Exercise » Working from the records below, repeat exactly the lines starting at the line that contains "Proof. by rewrite /GRing.comm" and ending at the line that contains "by rewrite -(mulrA", inclusive.

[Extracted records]
──────────

(* The defining relations of H_n(K, t, kappa), generators L_1..L_n, T_1..T_{n-1}
   (1-based indices into L, T : nat -> A). *)
Definition hecke_rels (K : fieldType) (A : algType K) (t : K) ell n
  (kappa : 'I_ell -> int) (L T : nat -> A) : Prop :=
  ((0 < n)%N -> \prod_(l < ell) (L 1%N - (qint t (kappa l))%:A) = 0) /\
  (forall r, (1 <= r < n)%N -> (T r + 1) * (T r - t%:A) = 0) /\
  (forall r s, (1 <= r <= n)%N -> (1 <= s <= n)%N -> L r * L s = L s * L r) /\
  (forall r s, (1 <= r < n)%N -> (1 <= s < n)%N -> (r.+1 < s \/ s.+1 < r)%N ->
        T r * T s = T s * T r) /\
  (forall s, (1 <= s)%N -> (s.+1 < n)%N ->
        T s * T s.+1 * T s = T s.+1 * T s * T s.+1) /\
  (forall r s, (1 <= r < n)%N -> (1 <= s <= n)%N -> s != r -> s != r.+1 ->
        T r * L s = L s * T r) /\
  (forall r, (1 <= r < n)%N -> L r.+1 * (T r - t%:A + 1) = T r * L r + 1).

From HB Require Import structures.
From mathcomp Require Import all_boot all_order all_algebra perm zify.
Import Order.TTheory GRing.Theory Num.Theory.
Local Open Scope ring_scope.
Set Implicit Arguments. Unset Strict Implicit. Unset Printing Implicit Defensive.

(** Swapping the entries [r] and [r+1] of a standard tableau [t] with
   [i_r = i_(r+1)] gives again a standard tableau [s_r t]: horizontally or
   vertically adjacent nodes have residues differing by [1], so [r] and [r+1]
   are not adjacent in [t].  Hence [f_i] is a sum of pairs
   [F_t + F_(s_r t)]; in each pair the factors for [k <> r, r+1] agree and
   commute with [T_r], and the two middle factors combine into
   [p(L_r) q(L_(r+1)) + q(L_r) p(L_(r+1))].  Such a symmetric expression
   commutes with [T_r] because, by the Hecke relations, [T_r] commutes with
   [L_r + L_(r+1)] and [L_r L_(r+1)], hence with every power sum
   [L_r^m + L_(r+1)^m]. *)

Lemma big_fixfree_involution (I : finType) (V : nmodType) (P : pred I)
    (s : I -> I) (F : I -> V) :
  involutive s -> (forall p, P p -> P (s p)) -> (forall p, P p -> s p != p) ->
  \sum_(p | P p) F p =
  \sum_(p | P p && (enum_rank p < enum_rank (s p))%N) (F p + F (s p)).
Proof.
move=> sK Ps s_neq; rewrite big_split /=.
rewrite [LHS](bigID (fun p => enum_rank p < enum_rank (s p))%N) /=; congr (_ + _).
rewrite (reindex_inj (inv_inj sK)); apply: eq_bigl => p; rewrite sK.
have -> : P (s p) = P p by apply/idP/idP => /Ps; rewrite ?sK.
case Pp: (P p) => //=.
have ne : enum_rank p != enum_rank (s p) by rewrite (inj_eq enum_rank_inj) eq_sym s_neq.
by rewrite -leqNgt ltn_neqAle ne.
Qed.

Lemma commrZ (K : pzRingType) (A : algType K) (x y : A) (a : K) :
  GRing.comm x y -> GRing.comm x (a *: y).
Proof.
by move=> cxy; rewrite -mulr_algl; apply: commrM cxy; apply/commr_sym/comm_alg.
Qed.

Lemma comm_horner_alg (K : nzRingType) (A : algType K) (x y : A) (p : {poly K}) :
  GRing.comm x y -> GRing.comm x (horner_alg y p).
Proof.
move=> cxy; elim/poly_ind: p => [|p a cxp].
  by rewrite rmorph0; apply: commr0.
rewrite rmorphD rmorphM /= horner_algX horner_algC.
by apply: commrD (commrM cxp cxy) _; apply/commr_sym/comm_alg.
Qed.

Lemma horner_algE (K : nzRingType) (A : algType K) (y : A) (p : {poly K}) :
  horner_alg y p = \sum_(i < size p) p`_i *: y ^+ i.
Proof.
rewrite -{1}[p]coefK poly_def linear_sum; apply: eq_bigr => i _.
by rewrite -mul_polyC rmorphM /= horner_algC rmorphXn /= horner_algX mulr_algl.
Qed.

Section HeckeRankTwo.
Variables (K : fieldType) (A : algType K) (t : K) (T R S : A).
Hypotheses (t_neq0 : t != 0) (commRS : R * S = S * R).
Hypotheses (quadT : (T + 1) * (T - t%:A) = 0)
  (mulS_T : S * (T - t%:A + 1) = T * R + 1).

Let c := 1 + t *: S - S.

Lemma hecke_quadratic : (T - t%:A + 1) * T = t%:A.
Proof.
move: quadT; rewrite mulrDl mul1r mulrBr mulr_algr addrA => /subr0_eq q.
by rewrite mulrDl mul1r mulrBl mulr_algl.
Qed.

Lemma mulST : S * T = T * R + c.
Proof.
rewrite /c !addrA -mulS_T mulrDr mulrBr mulr1 mulr_algr.
by rewrite (addrAC _ S) addrK subrK.
Qed.

Lemma mulTS : T * S = R * T + c.
Proof.
(* Multiply [t S = (T R + 1) T] on the left by [T - t + 1], then cancel [t]. *)
have tS : t *: S = T * R * T + T.
  by rewrite -mulr_algr -hecke_quadratic mulrA mulS_T mulrDl mul1r.
have : t *: ((T - t%:A + 1) * S) = t *: (R * T + 1).
  by rewrite scalerAr tS mulrDr !mulrA hecke_quadratic mulr_algl scalerDr -scalerAl.
move/(scalerI t_neq0); rewrite mulrDl mul1r mulrBl mulr_algl /c !addrA => <-.
by rewrite (addrAC _ S) addrK subrK.
Qed.

Lemma comm_hecke_add : GRing.comm T (R + S).
Proof. by rewrite /GRing.comm mulrDr mulrDl mulTS mulST addrCA addrA. Qed.

Lemma comm_hecke_mul : GRing.comm T (R * S).
Proof.
have cS : S * c = c * S.
  by rewrite /c mulrBl mulrBr mulrDl mulrDr mul1r mulr1 -scalerAl -scalerAr.
have TR : T * R = S * T - c by rewrite mulST addrK.
by rewrite /GRing.comm mulrA TR mulrBl -(mulrA S) mulTS mulrDr mulrA -commRS cS addrK.
Qed.

Lemma comm_hecke_power_sum m : GRing.comm T (R ^+ m + S ^+ m).
Proof.
have SR j : S * R ^+ j = R ^+ j * S by apply/commrX/esym.
have newton k : R ^+ k.+2 + S ^+ k.+2 =
    (R + S) * (R ^+ k.+1 + S ^+ k.+1) - R * S * (R ^+ k + S ^+ k).
  rewrite mulrDl !mulrDr -!mulrA !SR !mulrA -!exprS.
  apply/eqP; rewrite eq_sym subr_eq addrACA [in X in _ == X]addrACA.
  by rewrite -(mulrA R S) -exprS [S ^+ k.+2 + _]addrC.
suff: GRing.comm T (R ^+ m + S ^+ m) /\ GRing.comm T (R ^+ m.+1 + S ^+ m.+1) by case.
elim: m => [|m [cm cm1]].
  by rewrite !expr0 !expr1; split; [apply/commrD/commr1/commr1 | exact: comm_hecke_add].
split=> //; rewrite newton; apply: commrB; apply: commrM => //.
  exact: comm_hecke_add.
exact: comm_hecke_mul.
Qed.

Lemma comm_hecke_horner_add (p : {poly K}) :
  GRing.comm T (horner_alg R p + horner_alg S p).
Proof.
rewrite !horner_algE -big_split /=; apply: commr_sum => i _.
by rewrite -scalerDr; apply/commrZ/comm_hecke_power_sum.
Qed.

Lemma comm_hecke_symmetric (p q : {poly K}) :
  GRing.comm T (horner_alg R p * horner_alg S q + horner_alg R q * horner_alg S p).
Proof.
have SpRq : horner_alg S p * horner_alg R q = horner_alg R q * horner_alg S p.
  by apply/commr_sym/comm_horner_alg/commr_sym/comm_horner_alg.
have -> : horner_alg R p * horner_alg S q + horner_alg R q * horner_alg S p =
    (horner_alg R p + horner_alg S p) * (horner_alg R q + horner_alg S q) -
    (horner_alg R (p * q) + horner_alg S (p * q)).
  rewrite !rmorphM /= mulrDl !mulrDr SpRq.
  by rewrite (addrC (horner_alg R p * _) (horner_alg R p * _)) addrACA addrK.
apply: commrB; last exact: comm_hecke_horner_add.
exact: commrM (comm_hecke_horner_add p) (comm_hecke_horner_add q).
Qed.

End HeckeRankTwo.

Lemma lt_tperm_adjacent n (i j a b : 'I_n) : j = i.+1 :> nat ->
  (tperm i j a < tperm i j b)%N -> (a, b) != (j, i) -> (a < b)%N.
Proof.
have nv (x y : 'I_n) : x <> y -> (x : nat) <> y by move=> + /val_inj.
move=> ji; case: tpermP => [->|->|/nv ai /nv aj]; case: tpermP => [->|->|/nv bi /nv bj];
  rewrite ?eqxx //; lia.
Qed.

Lemma addr1_neq (R : nzRingType) (x : R) : x + 1 != x.
Proof. by rewrite -subr_eq0 addrAC subrr add0r oner_eq0. Qed.

Lemma subr1_neq (R : nzRingType) (x : R) : x - 1 != x.
Proof. by rewrite -subr_eq0 addrAC subrr add0r oppr_eq0 oner_eq0. Qed.

Section AdjacentNodes.
Variables (ell n : nat) (kappa : 'I_ell -> int) (x y : node ell n).
Hypothesis same_comp : ncomp y = ncomp x.

Lemma content_next_col :
  nrow y = nrow x -> ncol y = (ncol x).+1 -> content kappa y = content kappa x + 1.
Proof. by move=> hr hc; rewrite /content same_comp hr hc -addn1 PoszD addrA. Qed.

Lemma content_next_row :
  ncol y = ncol x -> nrow y = (nrow x).+1 -> content kappa y = content kappa x - 1.
Proof. by move=> hc hr; rewrite /content same_comp hr hc; lia. Qed.

End AdjacentNodes.

Definition tabl_swap ell n (i j : 'I_n) (pos : tabl ell n) : tabl ell n :=
  [ffun k => pos (tperm i j k)].

Section TableauSwap.
Variables (e ell n : nat) (kappa : 'I_ell -> int) (i j : 'I_n).
Hypothesis j_succ : j = i.+1 :> nat.

Lemma increasing_tabl_swap (adj : rel (node ell n)) (pos : tabl ell n) :
  ~~ adj (pos i) (pos j) ->
  [forall k, forall k', adj (pos k) (pos k') ==> (k < k')%N] ->
  [forall k, forall k', adj (tabl_swap i j pos k) (tabl_swap i j pos k') ==> (k < k')%N].
Proof.
move=> nadj inc; apply/forallP => k; apply/forallP => k'; apply/implyP.
rewrite !ffunE => a; apply: (lt_tperm_adjacent j_succ).
  exact: implyP (forallP (forallP inc _) _) a.
by apply: contraNneq nadj => -[eqk eqk']; rewrite eqk eqk' tpermL tpermR in a.
Qed.

Lemma is_std_swap (lam : mpart ell n) (pos : tabl ell n) :
  is_std lam pos -> residue e kappa (pos i) = residue e kappa (pos j) ->
  is_std lam (tabl_swap i j pos).
Proof.
move=> /and4P[/injectiveP inj cod rows cols] res; apply/and4P; split.
- by apply/injectiveP => k k'; rewrite !ffunE => /inj /perm_inj.
- apply/forallP => x; rewrite (eqP (forallP cod x)); apply/eqP.
  apply/codomP/codomP => -[k ->]; exists (tperm i j k); by rewrite ffunE ?tpermK.
- apply: (increasing_tabl_swap (adj := fun x y => [&& ncomp y == ncomp x,
    nrow y == nrow x & ncol y == (ncol x).+1])) rows.
  apply/and3P => -[/eqP hc /eqP hr /eqP hk].
  move: res; rewrite /residue (content_next_col kappa hc hr hk) intrD.
  by move/esym/eqP; rewrite (negbTE (addr1_neq _)).
- apply: (increasing_tabl_swap (adj := fun x y => [&& ncomp y == ncomp x,
    ncol y == ncol x & nrow y == (nrow x).+1])) cols.
  apply/and3P => -[/eqP hc /eqP hk /eqP hr].
  move: res; rewrite /residue (content_next_row kappa hc hk hr) intrB.
  by move/esym/eqP; rewrite (negbTE (subr1_neq _)).
Qed.

Lemma residues_tabl_swap (pos : tabl ell n) (ires : nat -> 'Z_e) :
  ires i.+1 = ires j.+1 -> [forall k, residue e kappa (pos k) == ires k.+1] ->
  [forall k, residue e kappa (tabl_swap i j pos k) == ires k.+1].
Proof.
move=> ij /forallP res; apply/forallP => k; rewrite ffunE.
by case: tpermP => [->|->|_ _]; rewrite ?(eqP (res _)) ?ij ?eqxx ?res.
Qed.

End TableauSwap.

Definition idem_poly (K : fieldType) (t : K) ell n (kappa : 'I_ell -> int) (z : int) :
  {poly K} :=
  \prod_(c <- Cont n kappa | qint t z != qint t c)
    ((qint t z - qint t c)^-1 *: ('X - (qint t c)%:P)).

Lemma Fidem_horner (K : fieldType) (A : algType K) (t : K) ell n
    (kappa : 'I_ell -> int) (L : nat -> A) (pos : tabl ell n.+1) :
  Fidem t kappa L pos = \prod_(0 <= k < n.+1)
    horner_alg (L k.+1) (idem_poly t n.+1 kappa (content kappa (pos (inord k)))).
Proof.
rewrite big_mkord; apply: eq_bigr => k _; rewrite inord_val rmorph_prod.
apply: eq_bigr => c _; rewrite -mul_polyC rmorphM rmorphB /=.
by rewrite !horner_algC horner_algX mulr_algl.
Qed.

Lemma prod_nat_split_adjacent (R : pzSemiRingType) (F : nat -> R) m n :
  (m.+1 < n)%N ->
  \prod_(0 <= k < n) F k =
  \prod_(0 <= k < m) F k * (F m * F m.+1) * \prod_(m.+2 <= k < n) F k.
Proof.
move=> lt_mn; rewrite (big_cat_nat (n := m)) //=; last lia.
by rewrite (big_ltn (m := m)) 1?ltnW // (big_ltn (m := m.+1)) // !mulrA.
Qed.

──────────

Task answer »
Proof. by rewrite /GRing.comm mulrDr mulrDl mulTS mulST addrCA addrA. Qed.

Lemma comm_hecke_mul : GRing.comm T (R * S).
Proof.
have cS : S * c = c * S.
  by rewrite /c mulrBl mulrBr mulrDl mulrDr mul1r mulr1 -scalerAl -scalerAr.
have TR : T * R = S * T - c by rewrite mulST addrK.
by rewrite /GRing.comm mulrA TR mulrBl -(mulrA S) mulTS mulrDr mulrA -commRS cS addrK.
Qed.

Lemma comm_hecke_power_sum m : GRing.comm T (R ^+ m + S ^+ m).
Proof.
have SR j : S * R ^+ j = R ^+ j * S by apply/commrX/esym.
have newton k : R ^+ k.+2 + S ^+ k.+2 =
    (R + S) * (R ^+ k.+1 + S ^+ k.+1) - R * S * (R ^+ k + S ^+ k).
  rewrite mulrDl !mulrDr -!mulrA !SR !mulrA -!exprS.
  apply/eqP; rewrite eq_sym subr_eq addrACA [in X in _ == X]addrACA.
  by rewrite -(mulrA R S) -exprS [S ^+ k.+2 + _]addrC.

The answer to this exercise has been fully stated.